What is propensity score matching?

Core Function

Supposing that the introduction of a treatment, policy, or other intervention is the consequence of a complex web of both deliberate and random factors, propensity score matching (PSM) is a powerful tool with which researchers can observe the effect of this intervention. First presented in an article by Paul R. Rosenbaum and Donald Rubin in 1983, the method aims to reduce the bias produced by existing covariates that could influence whether or not the treatment is accepted, thus allowing a more accurate comparison between those with the treatment and those who, for whatever reason, did not avail of it. PSM serves as a meticulous tool, empowering researchers to observe the subtleties of how an intervention can alter outcomes.

Randomisation in experiments is often the best way to ensure the accuracy of a treatment outcome between treated and untreated groups. Unfortunately, in observational studies, randomisation may be difficult to achieve, and therefore treatment assignment bias is more likely to arise. To counter this potential issue, matching can be utilized as a technique to create samples that are comparable on observed covariates, as if they had been randomized. In doing so, it allows biased treatment assignment to essentially be mimicked, enabling more accurate estimation of a treatment effect.

For example, a growing body of research has established the alarming repercussions of smoking, with individuals taking up the habit often unaware of the health hazards they are subjecting their bodies to. To gain an optimum level of insight on the topic, observational studies are essential, though the ethical implications of randomly assigning people to the treatment “smoking” makes it impossible to do so. PSM is a way to control for any factors that could lead to a bias in the comparison between those who smoke and those who do not. It is a meticulous approach that seeks to ensure each group is comparable in terms of the control variables. By doing so, we can observe the true impact of smoking, with a better understanding of the dangers it can bring for those who take it up.

Problems

PSM has been widely touted for its ability to perform statistical matching between data sets, but there are serious drawbacks to its use. Research has demonstrated that when applied to data, PSM tends to be highly unbalanced, inefficient, overly reliant on model assumptions, and generally result in an overestimation of the truth. As a result, while the fundamental insights behind PSM remain, researchers in the field have suggested using other data-matching methods when striving for greater accuracy. Moreover, PSM also has other potential applications, such as in weighting and "doubly robust estimation" techniques.

Though Propensity Score Matching offers thorough control of observed covariates in its pursuit of causal inference, there are still potential issues lurking in the shadows. Even if the procedure accounts for the measurable traits that are known to play into assignment and outcome, it cannot capture latent factors that may very well remain skewed in the data. Additionally, it requires a large amount of data to properly compare outcome measures, which is not always available in small, non-randomly assigned samples. Thus, the method of Propensity Score Matching can only provide an incomplete picture of the results.

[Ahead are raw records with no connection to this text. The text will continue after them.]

Lemma is_derive_dotv g x u : is_derive x u (dotv g) (dotv g u).
Proof.
apply: (@is_derive_quadratic _ _ _ _ _ _ 1 0) => // t _.
by rewrite dotvDr dotvZr addrK subrr normr0 mul0r.
Qed.

Lemma is_derive_comp_affine f A b x u (df : R) :
  is_derive (affine A b x) (u *m A) f df -> is_derive x u (f \o affine A b) df.
Proof.
have quotE : (fun t => t^-1 *: ((f \o affine A b \o shift x) (t *: u) - f (affine A b x)))
    = (fun t => t^-1 *: ((f \o shift (affine A b x)) (t *: (u *m A)) - f (affine A b x))).
  by apply/funext => t /=; rewrite /affine mulmxDl scalemxAl addrA.
by case=> f_der f_val; split; rewrite /derivable /derive /= quotE.
Qed.

Lemma grad_is_derive f x g : (forall u, is_derive x u f (dotv g u)) -> grad f x = g.
Proof.
by move=> f_der; apply/rowP => i; case: (f_der (delta_mx 0 i)) => _; rewrite mxE dotv_delta.
Qed.

Lemma Phih_is_derive (psi : V -> R) v om h A b x g :
  (forall w, is_derive (affine A b x + om) w psi (dotv g w)) ->
  forall u, is_derive x u (Phih psi v om h A b) (dotv (h^-1 *: ((g + v) *m A^T)) u).
Proof.
move=> psi_der u.
have -> : Phih psi v om h A b
    = h^-1 \*: ((psi \o affine A (b + om)) + (dotv v \o affine A b) - cst (psi om)).
  by apply/funext => y; rewrite /Phih /Phi /affine -[_ + b + om]addrA.
have -> : dotv (h^-1 *: ((g + v) *m A^T)) u
    = h^-1 *: (dotv g (u *m A) + dotv v (u *m A) - 0).
  by rewrite subr0 !dotv_mulmxr dotvZl mulmxDl dotvDl.
apply: is_deriveZ; apply: is_deriveB; apply: is_deriveD; apply: is_derive_comp_affine.
  by rewrite /affine addrA; exact: psi_der.
exact: is_derive_dotv.
Qed.

End Analytic.

Lemma affine_convex_comb (R : realType) (d : nat) (A : 'M[R]_d) (b x y : 'rV[R]_d) t :
  affine A b (t *: x + (1 - t) *: y) = t *: affine A b x + (1 - t) *: affine A b y.
Proof. by rewrite /affine mulmxDl -!scalemxAl; apply/rowP => i; rewrite !mxE; ring. Qed.

Section Sublevel.
Variables (R : realType) (d : nat).
Notation V := 'rV[R]_d.
Variables (psi : V -> R) (v om b x0 : V) (A : 'M[R]_d) (h : R) (S : set V).
Let f := Phih psi v om h A b.
Hypotheses (h_gt0 : 0 < h) (f_cvx : convex_on S f) (S_x0 : S x0) (Tx0 : affine A b x0 = 0).

Lemma Phih_zero : f x0 = 0.
Proof. by rewrite /f /Phih /Phi Tx0 add0r dotv0r addr0 subrr mulr0. Qed.

Lemma Phi_affine y : Phi psi v om (affine A b y) = h * f y.
Proof. by rewrite /f /Phih mulrA mulfV ?gt_eqF // mul1r. Qed.

Lemma Phi_segment_le x t : S x -> 0 <= t <= 1 ->
  Phi psi v om (t *: affine A b x) <= h * (t * f x).
Proof.
move=> Sx t01; have := f_cvx Sx S_x0 t01.
rewrite Phih_zero mulr0 addr0 -(ler_pM2l h_gt0) -Phi_affine.
by rewrite affine_convex_comb Tx0 scaler0 addr0.
Qed.

Variables (c : R) (k : nat) (r : R).
Hypothesis growth : forall y, enorm y < 2^-1 -> (c * enorm y) ^+ k <= Phi psi v om y.
Hypothesis h_lt : h < (c / 4) ^+ k.
Hypothesis sublevel_bounded : forall y, sublev psi v om h (affine A b y) -> enorm y < r.

Lemma enorm_preimage0_lt : enorm x0 < r.
Proof.
apply: sublevel_bounded; rewrite Tx0; split; first by rewrite /eball /= enorm0.
by rewrite /Phi add0r dotv0r addr0 subrr divr_gt0.
Qed.

Lemma affine_lt_of_le2 x : S x -> f x <= 2 -> enorm (affine A b x) < 5 / 2.
Proof.
move=> Sx fx_le; rewrite ltNge; apply/negP => Tx_ge.
pose t := (4 * enorm (affine A b x))^-1.
have t_gt0 : 0 < t by rewrite invr_gt0; lra.
have t_le : t <= 10^-1 by rewrite lef_pV2 ?posrE; lra.
have tT : enorm (t *: affine A b x) = 4^-1.
  by rewrite enormZ gtr0_norm // /t; field; rewrite gt_eqF //; lra.
clearbody t.
have t01 : 0 <= t <= 1 by rewrite ltW //=; lra.
have tfx_le : t * f x <= 5^-1.
  by apply: le_trans (ler_wpM2l (ltW t_gt0) fx_le) _; lra.
have := @growth (t *: affine A b x); rewrite tT => /(_ (ltac:(lra))) growth_t.
have h_tfx_le : h * (t * f x) <= h / 5 := ler_wpM2l (ltW h_gt0) tfx_le.
have h_lt_h5 : h < h / 5.
  exact: lt_le_trans h_lt (le_trans growth_t (le_trans (Phi_segment_le Sx t01) h_tfx_le)).
by move: h_gt0 h_lt_h5; lra.
Qed.

Lemma dist_lt_of_affine_lt x : S x -> f x <= 2 -> enorm (affine A b x) < 5 / 2 ->
  enorm (x - x0) < 10 * r.
Proof.
move=> Sx fx_le Tx_lt; have x0_lt := enorm_preimage0_lt.
pose y := 5^-1 *: x + (1 - 5^-1) *: x0.
have y_lt : enorm y < r.
  have t01 : 0 <= (5^-1 : R) <= 1 by apply/andP; split; lra.
  apply: sublevel_bounded; rewrite /sublev /y affine_convex_comb Tx0 scaler0 addr0.
  split; first by rewrite /eball /= enormZ gtr0_norm // -ltr_pdivlMl //; move: Tx_lt; lra.
  apply: le_lt_trans (Phi_segment_le Sx t01) _.
  by rewrite ltr_pM2l // -ltr_pdivlMl //; move: fx_le; lra.
have -> : x - x0 = 5 *: (y - x0) by apply/rowP => i; rewrite !mxE; field.
rewrite enormZ gtr0_norm //; have := enormD y (- x0); rewrite enormN.
by move: x0_lt y_lt; lra.
Qed.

The rising concern of unintended consequences stemming from the use of matching methods has alarmed both theorists and practitioners alike. Leading figures in the field of causal inference, such as Judea Pearl, have argued that by relying solely on observed variables to pair participants, hidden biases may be created due to the presence of dormant, unobserved confounding factors. Put simply, it's a situation in which the experimenter is unable to identify and account for the effect of other variables that may influence a correlation between the independent and dependent variables.

To mitigate the risk of such skewing of results, Pearl asserts that only by modelling the qualitative causal relationships between treatment, outcome, and all observable and unobservable covariates – in a manner which satisfies the “backdoor criterion” – can bias reduction be effectively assured. His warning serves as a stark reminder of the importance of considering the complexity of these phenomena, and the need for deeper, more nuanced approaches to matching methods.

How should I do it?

The use of PSM has become increasingly popular among data scientists and researchers, with a range of availability across different programming packages. In particular, SAS features the PSMatch procedure and macro OneToManyMTCH, both of which match observations based on a propensity score; Stata provides a host of commands and the user-written psmatch2 as well as its built-in teffects psmatch command; SPSS offers users a dedicated dialog box; and Python’s library PsmPy offers an array of tools and functions for creating and matching observations. With its broad accessibility and well-established benefits, PSM has become a core component of the data science toolkit.